(Data items)
================================

Lemma next_prob_tail_le (lam : R) (K t : nat) (w : seq 'I_n) :
  (0 < n)%N -> 0 <= lam -> size w = (m * n)%N -> count_mem i w = m ->
  (forall k, (K <= k < m)%N ->
     (count_mem i (drop (m * n - k.+1 * n) w))%:R <= lam * k%:R) ->
  (K * n < m * n - t)%N -> next_prob (take t w) <= lam / n%:R.
Proof.
move=> n_gt0 lam_ge0 size_w count_w tail_le Kn_lt.
have t_lt : (t < m * n)%N by lia.
rewrite /next_prob size_take size_w t_lt.
have -> : (m - count_mem i (take t w) = count_mem i (drop t w))%N.
  by rewrite -{1}count_w -{1}(cat_take_drop t w) count_cat addKn.
set Rt := (m * n - t)%N; set k := (Rt.-1 %/ n)%N.
have kn_le : (k * n <= Rt.-1)%N by apply: leq_trunc_div.
have kn_gt : (Rt.-1 < k.+1 * n)%N by apply: ltn_ceil.
have k_tail : (K <= k < m)%N by rewrite leq_divRL // ltn_divLR //; lia.
have drop_le : (count_mem i (drop t w) <= count_mem i (drop (m * n - k.+1 * n) w))%N.
  rewrite -(subnK (_ : m * n - k.+1 * n <= t)%N) -?drop_drop; last by lia.
  set s := drop _ w; rewrite -[X in (_ <= count _ X)%N](cat_take_drop (t - (m * n - k.+1 * n))).
  by rewrite count_cat leq_addl.
have Rt_gt0 : (0 : R) < Rt%:R by rewrite ltr0n /Rt; lia.
rewrite ler_pdivrMr // mulrAC ler_pdivlMr ?ltr0n //.
apply: le_trans (_ : lam * k%:R * n%:R <= _).
  by rewrite ler_wpM2r ?ler0n // (le_trans _ (tail_le k k_tail)) // ler_nat.
by rewrite -mulrA ler_wpM2l // -natrM ler_nat; lia.
Qed.

Lemma compensator_le (lam : R) K (s : seq 'I_n -> bool) w :
  (0 < n)%N -> 0 <= lam -> size w = (m * n)%N -> count_mem i w = m ->
  (forall k, (K <= k < m)%N ->
     (count_mem i (drop (m * n - k.+1 * n) w))%:R <= lam * k%:R) ->
  sum_along (fun p _ => (s p)%:R * next_prob p) [::] w
    <= lam / n%:R * n_selected s w
       + sum_along (fun p _ => (m * n - K * n <= size p)%N%:R * next_prob p) [::] w.
Proof.
move=> n_gt0 lam_ge0 size_w count_w tail_le.
rewrite /n_selected -sum_alongZ /sum_along -big_split /=; apply: ler_sum => -[t /= t_lt] _.
have p_ge0 := next_prob_ge0 R m i (take t w).
rewrite size_take t_lt; case: leqP => [t_win|t_out].
  rewrite mul1r; case: (s _); rewrite ?mulr1 ?mul1r ?mul0r ?mulr0 ?add0r //.
  by rewrite lerDr mulr_ge0 ?divr_ge0 ?ler0n.
rewrite mul0r addr0 mulrC ler_wpM2r ?ler0n //.
by apply: (next_prob_tail_le n_gt0 lam_ge0 size_w count_w tail_le); lia.
Qed.

Lemma deviation_cover (eps : R) K s w :
  0 < eps -> eps <= 1 / 4 -> (0 < n)%N -> size w = (m * n)%N -> count_mem i w = m ->
  (1 + 4 * eps) * n_selected s w / n%:R + eps ^+ 2 * m%:R < n_hits s w ->
  [\/ eps ^+ 3 * m%:R / 4 <= sum_along (compensated (eps / 2) s) [::] w,
      eps ^+ 2 * m%:R / 8 <= sum_along
        (fun p _ => (m * n - K * n <= size p)%N%:R * (next_prob p / 2)) [::] w
    | exists2 k, (K <= k < m)%N & eps / 2 * ((1 + 2 * eps) * k%:R)
        <= eps / 2 * (count_mem i (drop (m * n - k.+1 * n) w))%:R].
Proof.
move=> eps_gt0 eps_le n_gt0 size_w count_w large_hits.
case: (boolP [exists k : 'I_m, (K <= k)%N &&
    ((1 + 2 * eps) * k%:R < (count_mem i (drop (m * n - k.+1 * n) w))%:R)]).
  case/existsP => k /andP[K_le k_bad]; apply: Or33; exists (val k).
    by rewrite K_le ltn_ord.
  by rewrite ler_wpM2l ?ltW // divr_gt0.
move/existsPn => no_bad.
have tail_le k : (K <= k < m)%N ->
    (count_mem i (drop (m * n - k.+1 * n) w))%:R <= (1 + 2 * eps) * k%:R.
  by case/andP=> K_le k_lt; have := no_bad (Ordinal k_lt); rewrite /= K_le -leNgt.
have lam_ge0 : 0 <= 1 + 2 * eps by lra.
have S_le := compensator_le s n_gt0 lam_ge0 size_w count_w tail_le.
set S := sum_along _ _ _ in S_le; set Z := sum_along _ _ _ in S_le.
have -> : sum_along (fun p _ => (m * n - K * n <= size p)%N%:R * (next_prob p / 2)) [::] w
    = Z / 2 by rewrite /Z /sum_along mulr_suml; apply: eq_bigr => t _; rewrite mulrA.
case: (lerP (eps ^+ 2 * m%:R / 8) (Z / 2)) => [|Z_lt]; first by move=> ?; apply: Or32.
apply: Or31; rewrite /compensated sum_alongB !sum_alongZ -/(n_hits s w) -/S.
rewrite -mulrA in large_hits; rewrite mulrAC -mulrA in S_le.
have e2_ge0 : 0 <= eps ^+ 2 * m%:R by rewrite mulr_ge0 ?exprn_ge0 ?(ltW eps_gt0).
have beta_ge0 : 0 <= n_selected s w / n%:R.
  by rewrite divr_ge0 ?ler0n // sumr_ge0 // => t _; rewrite ler0n.
rewrite exprS -[eps * _ * m%:R]mulrA.
by apply: (compensated_gap (beta := n_selected s w / n%:R) (Z := Z)) => //; lra.
Qed.

End Deviation.

Lemma tail_term_le (R : realType) (eps : R) (m K k : nat) :
  0 < eps -> eps <= 1 / 4 -> eps ^+ 2 * m%:R / 16 < K%:R -> (K <= k)%N ->
  expR (- (eps / 2 * ((1 + 2 * eps) * k%:R))) * expR ((expR (eps / 2) - 1) * k.+1%:R)
    <= expR 1 * expR (- (eps ^+ 4 * m%:R / 32)).
Proof.
move=> eps_gt0 eps_le K_gt k_ge; rewrite -!expRD ler_expR.
have c_le : expR (eps / 2) - 1 <= eps / 2 * (1 + eps) by apply: expR_half_sub1_le; lra.
have k_ge' : K%:R <= k%:R :> R by rewrite ler_nat.
have e_sq : eps * eps <= 1 / 16 by nra.
have sq_ge0 : 0 <= eps ^+ 2 / 2 by rewrite divr_ge0 ?exprn_ge0 ?(ltW eps_gt0).
have := ler_wpM2l sq_ge0 k_ge'; have := ler_wpM2l sq_ge0 (ltW K_gt).
have := ler_wpM2r (ler0n _ k.+1) c_le; rewrite -[k.+1%:R]natr1; nra.
Qed.

Lemma deviation_terms_le (R : realType) (eps : R) (m K : nat) :
  0 < eps -> eps <= 1 / 4 -> K%:R <= eps ^+ 2 * m%:R / 16 + 1 ->
  expR (- (eps ^+ 3 * m%:R / 4))
    + (expR (- (eps ^+ 2 * m%:R / 8)) * expR K%:R
       + \sum_(K <= k < m) expR 1 * expR (- (eps ^+ 4 * m%:R / 32)))
  <= 192 * expR 1 / eps ^+ 4 * expR (- (eps ^+ 4 * m%:R / 64)).
Proof.
move=> eps_gt0 eps_le K_le; set X := expR (- (eps ^+ 4 * m%:R / 64)).
have e_ge1 : 1 <= expR 1 :> R by apply: le_trans (expR_ge1Dx 1); lra.
have e4_gt0 : 0 < eps ^+ 4 by rewrite exprn_gt0.
have e4_le1 : eps ^+ 4 <= 1 by rewrite exprn_ile1 ?ltW //; lra.
have m_ge0 : 0 <= m%:R :> R by rewrite ler0n.
set M := 64 * expR 1 / eps ^+ 4.
have eM : expR 1 <= M by rewrite ler_pdivlMr // mulrC ler_wpM2r ?expR_ge0 //; lra.
have X_ge0 : 0 <= X := expR_ge0 _.
have T1 : expR (- (eps ^+ 3 * m%:R / 4)) <= M * X.
  apply: (@le_trans _ _ X); last by apply: ler_peMl => //; lra.
  have e3m_ge0 : 0 <= eps ^+ 3 * m%:R by rewrite mulr_ge0 ?exprn_ge0 ?(ltW eps_gt0).
  by rewrite ler_expR lerN2 exprS; nra.
have T2 : expR (- (eps ^+ 2 * m%:R / 8)) * expR K%:R <= M * X.
  apply: (@le_trans _ _ (expR 1 * X)); last by rewrite ler_wpM2r.
  rewrite -!expRD ler_expR.
  have e2m_ge0 : 0 <= eps ^+ 2 * m%:R by rewrite mulr_ge0 ?exprn_ge0 ?(ltW eps_gt0).
  have : 0 <= eps ^+ 2 * m%:R * (1 - eps ^+ 2) by rewrite mulr_ge0 //; nra.
  rewrite (exprD _ 2 2); nra.
have T3 : \sum_(K <= k < m) expR 1 * expR (- (eps ^+ 4 * m%:R / 32)) <= M * X.
  rewrite sumr_const_nat -[_ *+ (m - K)]mulr_natl.
  apply: (@le_trans _ _ (m%:R * (expR 1 * expR (- (eps ^+ 4 / 32 * m%:R))))).
    by rewrite [_ / 32 * _]mulrAC ler_wpM2r ?mulr_ge0 ?expR_ge0 // ler_nat leq_subr.
  have -> : M * X = expR 1 * (2 / (eps ^+ 4 / 32) * X) by rewrite /M; field; rewrite gt_eqF.
  rewrite mulrCA ler_pM2l ?expR_gt0 //.
  apply: le_trans (mul_expRN_le _ _) _; first by rewrite divr_gt0.
  by rewrite le_eqVlt; apply/orP; left; apply/eqP; congr (_ * expR _); field.
have -> : 192 * expR 1 / eps ^+ 4 * X = 3 * (M * X) by rewrite /M; ring.
lra.
Qed.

================================

▸ Task directions: The answer consists solely of the lines from the one containing "have X_ge0 : 0 <= X := expR_ge0 _." through the last line of the data above, reproduced exactly.

▸ Answer area:
have X_ge0 : 0 <= X := expR_ge0 _.
have T1 : expR (- (eps ^+ 3 * m%:R / 4)) <= M * X.
  apply: (@le_trans _ _ X); last by apply: ler_peMl => //; lra.
  have e3m_ge0 : 0 <= eps ^+ 3 * m%:R by rewrite mulr_ge0 ?exprn_ge0 ?(ltW eps_gt0).
  by rewrite ler_expR lerN2 exprS; nra.
have T2 : expR (- (eps ^+ 2 * m%:R / 8)) * expR K%:R <= M * X.
  apply: (@le_trans _ _ (expR 1 * X)); last by rewrite ler_wpM2r.
  rewrite -!expRD ler_expR.
  have e2m_ge0 : 0 <= eps ^+ 2 * m%:R by rewrite mulr_ge0 ?exprn_ge0 ?(ltW eps_gt0).
  have : 0 <= eps ^+ 2 * m%:R * (1 - eps ^+ 2) by rewrite mulr_ge0 //; nra.
  rewrite (exprD _ 2 2); nra.
have T3 : \sum_(K <= k < m) expR 1 * expR (- (eps ^+ 4 * m%:R / 32)) <= M * X.
  rewrite sumr_const_nat -[_ *+ (m - K)]mulr_natl.
  apply: (@le_trans _ _ (m%:R * (expR 1 * expR (- (eps ^+ 4 / 32 * m%:R))))).
    by rewrite [_ / 32 * _]mulrAC ler_wpM2r ?mulr_ge0 ?expR_ge0 // ler_nat leq_subr.
  have -> : M * X = expR 1 * (2 / (eps ^+ 4 / 32) * X) by rewrite /M; field; rewrite gt_eqF.
  rewrite mulrCA ler_pM2l ?expR_gt0 //.
  apply: le_trans (mul_expRN_le _ _) _; first by rewrite divr_gt0.
  by rewrite le_eqVlt; apply/orP; left; apply/eqP; congr (_ * expR _); field.
have -> : 192 * expR 1 / eps ^+ 4 * X = 3 * (M * X) by rewrite /M; ring.
lra.
Qed.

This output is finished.